In early January, Open Doors released its annual report on the global persecution of Christians, spotlighting 50 countries where Christians are targeted for their faith. Since 2002, North Korea has headed the list of the top 10 countries where “extreme persecution” of Christians is rife. (Other countries include Afghanistan, Somalia, Libya and Pakistan.)

In a January 12 article on the Open Doors website, the organization reveals that it runs secret safe houses in China for North Korean Christians who manage to escape there.

Titled “How Do Open Doors Fieldworkers Support North Korean Christians?” the article quotes two “extremely courageous” workers in China who help escapees survive. 

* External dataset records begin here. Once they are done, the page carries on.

(* Let $\gamma>1$ be a constant, let $\Omega\subset\mathbb{R}^2$ be open, and let $\rho,u,v,p$ be smooth ($C^1$) functions of $(x,y,t)\in\Omega\times[0,T]$ with $\rho>0$ and $p>0$ that satisfy the compressible Euler equations in primitive form \begin{align*} \rho_t + u\rho_x + v\rho_y + \rho(u_x+v_y)&=0,\\ u_t + uu_x + vu_y + p_x/\rho&=0,\\ v_t + uv_x + vv_y + p_y/\rho&=0,\\ p_t + up_x + vp_y + \gamma p(u_x+v_y)&=0. \end{align*} Define $\Phi=(\phi_1,\phi_2,\phi_3,\phi_4)^T=(\sqrt{\rho},\sqrt{\rho}\,u,\sqrt{\rho}\,v,\sqrt{p})^T$ (so $u=\phi_2/\phi_1$, $v=\phi_3/\phi_1$). Then $\Phi$ satisfies $$\Phi_t+(A_1\Phi)_x+A_2\Phi_x+(B_1\Phi)_y+B_2\Phi_y=0,$$ where $$A_1=\frac12\begin{bmatrix}u&0&0&0\\0&u&0&0\\0&0&u&0\\0&2(\gamma-1)\frac{\phi_4}{\phi_1}&0&(2-\gamma)u\end{bmatrix},\quad A_2=\frac12\begin{bmatrix}u&0&0&0\\0&u&0&4\frac{\phi_4}{\phi_1}\\0&0&u&0\\0&0&0&(2-\gamma)u\end{bmatrix},$$ $$B_1=\frac12\begin{bmatrix}v&0&0&0\\0&v&0&0\\0&0&v&0\\0&0&2(\gamma-1)\frac{\phi_4}{\phi_1}&(2-\gamma)v\end{bmatrix},\quad B_2=\frac12\begin{bmatrix}v&0&0&0\\0&v&0&0\\0&0&v&4\frac{\phi_4}{\phi_1}\\0&0&0&(2-\gamma)v\end{bmatrix}.$$ Moreover, for every constant $\alpha^2>0$ and $P=\mathrm{diag}(\alpha^2,\tfrac{\gamma-1}{2},\tfrac{\gamma-1}{2},1)$, which is symmetric positive definite, one has $PA_2=(PA_1)^T$ and $PB_2=(PB_1)^T$. *)

From Stdlib Require Import Reals Lra.
Open Scope R_scope.

Definition open2 (Om : R -> R -> Prop) : Prop :=
  forall x y, Om x y -> exists r, 0 < r /\
    forall x' y', Rabs (x' - x) < r -> Rabs (y' - y) < r -> Om x' y'.

(* derivative of g at s relative to the set D (D = everything: usual
   derivative; D = [0,T]: one-sided at the endpoints). *)
Definition deriv_within (D : R -> Prop) (g : R -> R) (s l : R) : Prop :=
  forall eps, 0 < eps -> exists delta, 0 < delta /\
    forall h, D h -> h <> s -> Rabs (h - s) < delta ->
      Rabs ((g h - g s) / (h - s) - l) < eps.

Definition Tint (T : R) : R -> Prop := fun t => 0 <= t <= T.

Definition dom (Om : R -> R -> Prop) (T : R) (x y t : R) : Prop :=
  Om x y /\ 0 <= t <= T.

Definition pd_x (F : R -> R -> R -> R) (x y t l : R) : Prop :=
  deriv_within (fun _ => True) (fun s => F s y t) x l.
Definition pd_y (F : R -> R -> R -> R) (x y t l : R) : Prop :=
  deriv_within (fun _ => True) (fun s => F x s t) y l.
Definition pd_t (T : R) (F : R -> R -> R -> R) (x y t l : R) : Prop :=
  deriv_within (Tint T) (fun s => F x y s) t l.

“My work is to meet North Koreans who’ve already heard of Jesus,” says one of the fieldworkers, identified by the pseudonym, Peter. “To help them survive the North Korean system if they go back, I provide them with spiritual and physical help.”

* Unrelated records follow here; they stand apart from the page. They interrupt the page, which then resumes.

Theorem proposition4 (R : realType)
  (S : forall n : nat, 'M[R[i]]_n -> R) (s : seq R -> R)
  (S_nonneg : forall n (rho : 'M[R[i]]_n), density rho -> 0 <= S n rho)
  (S_concave : forall n (rho sigma : 'M[R[i]]_n) (t : R),
      density rho -> density sigma -> 0 <= t <= 1 ->
      t * S n rho + (1 - t) * S n sigma
        <= S n (toC t *: rho + toC (1 - t) *: sigma))
  (S_pure : forall n (rho : 'M[R[i]]_n), pure_state rho -> S n rho = 0)
  (S_spec : forall n (rho : 'M[R[i]]_n), density rho -> S n rho = s (eigvec rho))
  (s_one : s [:: 1] = 0)
  (s_maj : forall p q : seq R, probvec p -> probvec q -> majorizes q p -> s q <= s p)
  (d d' : nat) (hd : (0 < d)%N) (hd' : (0 < d')%N)
  (rho : 'M[R[i]]_(d * d')) (hrho : density rho) :
  co_hull 1 (minn d d')%:R (fmin s (minn d d'))
      (Num.max (trnorm (ptransp d d' rho)) (trnorm (realign d d' rho)))
    <= Ecr S d d' rho.
Proof.
have ds_gt0 : (0 < minn d d')%N by rewrite leq_min hd hd'.
apply: lb_le_inf.
  have [n [P [psi ens]]] := density_ensemble hrho.
  by eexists; exists n, P, psi; split; first exact: ens.
move=> _ [n [P [psi [[P_ge0 [P1 [psi1 <-]]] ->]]]].
have /choice[z hz] := fun m => pure_state_bound s_one s_maj S_spec (psi1 m).
have Fz_le m : fmin s (minn d d') (z m) <= S d (ptrB d d' (psi m *m cadj (psi m))).
  by case: (hz m).
apply: (co_hull_le (P := P) (z := z)) => //.
- by move=> y _; apply: fmin_ge0.
- exact: fmin1_le0.
- apply: sumr_ge0 => m _; rewrite mulr_ge0 //.
  exact: le_trans (fmin_ge0 s_one s_maj _ _) (Fz_le m).
- by move=> m; case: (hz m).
- rewrite ge_max ptransp_sum realign_sum.
  by apply/andP; split;
    apply: (trnorm_le_rank1_sum (K := ('I_n * ('I_d * 'I_d))%type));
    apply: bounded_rank1_sum_conv => // m; case: (hz m).
- by apply: ler_sum => m _; rewrite ler_wpM2l.
Qed.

This support “helps the underground church to preserve her faith from within North Korea.”

A colleague of Peter, identified only as Matthew, says he has heard numerous stories about North Korean Christians who are killed, even after they manage to escape. “In China, North Korean secret agents often track down and murder Christian missionaries,” he says.

“Can you imagine that feeling—of never being quite safe?” he adds. “Only some of these incidents are reported in the news. … When I hear these things, I’m terrified” because “it can happen to me.”

It isn’t just the fear of being caught that makes the lives of Open Doors fieldworkers so dangerous. The conditions they work in are also often extremely severe.

“It’s sometimes below -30°C [-22°F] in winter,” says Peter. “And winter lasts for six months. I remember one night, it was one o’clock in the morning and the temperature was below -28°C. I was supposed to meet a local contact. But he didn’t answer my calls and he wasn’t where we’d arranged to meet. I tried to contact him for three hours. At about four o’clock, my phone rang. It was his number. When I answered, I heard a strange man asking, ‘Who are you?’”

It’s not hard to understand why the fieldworkers dread such calls. The man who answered Peter on the phone turned out to be a North Korean agent. Peter immediately smashed his cell phone and threw it in a drain hole. He later learned that the person he was trying to contact was under investigation.

In a Q&A with a fieldworker identified as Brother Simon,  Open Doors recounted the extreme perils of fleeing North Korea. “You need to spend thousands of dollars on bribes, and even then you don’t have a guarantee,” he says. “Often, the soldiers have a quota: they need to arrest a certain number of border-crossers.”

“Once you’re in China, you’re illegal and can be arrested,” says Brother Simon. “Christians come to China so they can receive biblical teaching and fellowship, as well as food. Amazingly, many believers choose to return home to North Korea.”